Hacker News new | ask | show | jobs
by cozos 2224 days ago
Could you expand more on the reasons why Hive is faster than Spark? Aren't Hive joins also achieved via a MapReduce shuffle?
1 comments

Query plans are heavily optimized, and map-side joins are used extensively. The use of optimizations exploiting memory makes the so-called in-memory computing of Spark no longer relevant because Hive also uses memory efficiently. Hive community is actively working toward Hive 4, so I guess the future version will be even faster.
Spark also has a query plan optimizer, and uses map-side joins (referred to as broadcast joins) whenever it makes sense. I'm just curious what other differences architecturally in your opinion can result in a performance discrepancy?
While I cannot give a definitive answer because I am not an expert on Spark internals, my opinion is that the discrepancy results mainly from query and runtime optimization.

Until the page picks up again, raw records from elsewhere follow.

Definition missing h (b : bool) : seq R :=
  [seq r <- enum R | (r \notin hlist I h) && (first h r == b)].

Definition completion : instance R H :=
  Inst (rlist I) (fun h => hlist I h ++ missing h true ++ missing h false).

Lemma mem_missing h b r : (r \in missing h b) = (r \notin hlist I h) && (first h r == b).
Proof. by rewrite mem_filter mem_enum andbT. Qed.

Lemma completion_complete : hospital_complete completion.
Proof.
move=> h r; rewrite !mem_cat !mem_missing.
by case: (r \in hlist I h); case: (first h r).
Qed.

Lemma completion_ok q : inst_ok q I -> inst_ok q completion.
Proof.
case=> qpos [runiq huniq]; split=> //; split=> // h.
have missing_uniq b : uniq (missing h b) by rewrite filter_uniq ?enum_uniq.
rewrite /= !cat_uniq huniq !missing_uniq /= andbT; apply/andP; split.
  by apply/hasP => -[r]; rewrite mem_cat !mem_missing => /orP[]/andP[/negPf->].
by apply/hasP => -[r]; rewrite !mem_missing => /andP[_ /eqP->] /andP[_ /eqP].
Qed.

Lemma completion_extension : extension I completion.
Proof. by split=> [r|h]; [exact: prefix_refl | exact: prefix_prefix]. Qed.

Lemma completion_changeless : resident_changeless I completion.
Proof. by []. Qed.

Lemma precedes_completion h r r' :
  precedes (hlist I h) r r' -> precedes (hlist completion h) r r'.
Proof. exact: precedes_catl. Qed.

Lemma precedes_completion_unlisted h r r' : r \in hlist I h -> r' \notin hlist I h ->
  precedes (hlist completion h) r r'.
Proof.
move=> rI r'I; apply: precedes_cat_mid; rewrite // !mem_cat !mem_missing r'I.
by case: (first h r').
Qed.

Lemma precedes_completion_first h r r' : r \notin hlist I h -> r' \notin hlist I h ->
  first h r -> ~~ first h r' -> precedes (hlist completion h) r r'.
Proof.
move=> rI r'I fr fr'; apply: precedes_catr => //.
by apply: precedes_cat_mid; rewrite !mem_missing ?rI ?r'I ?fr ?(negPf fr').
Qed.

End Completion.

Definition favoured {R H : finType} (P X pd : {set R * H}) : H -> pred R :=
  fun h r => ((r, h) \in P) || ((r, h) \in pd :\: X).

Apart from adding new features (e.g., ACID support), a lot of effort is still put into optimizing queries and runtime. In essence, Hive is a tool specialized for SQL, so it tries to implement all the optimizations you can think of in the context of executing SQL queries. For example, Hive implements vectorized execution, whose counterpart in Spark was implemented only in a later version (with the introduction on Tungsten IIRC). Hive even supports query re-execution: if a query fails with a fatal error like OOM, Hive re-generates a new query after analyzing the runtime statistics collected by then. The second query usually runs much faster, and you can also update the column statistics in Metastore.

In contrast, Spark is a general-purpose execution engine where SparkSQL is just an application. I remember someone comparing Spark to Swiss army knife, which enables you to do a lot of things easily, but is no match against specialized tools developed for a particular task. My (opinionated) guess is that SparkSQL will be replaced by Hive and Presto, and Spark streaming will be replaced by Flink.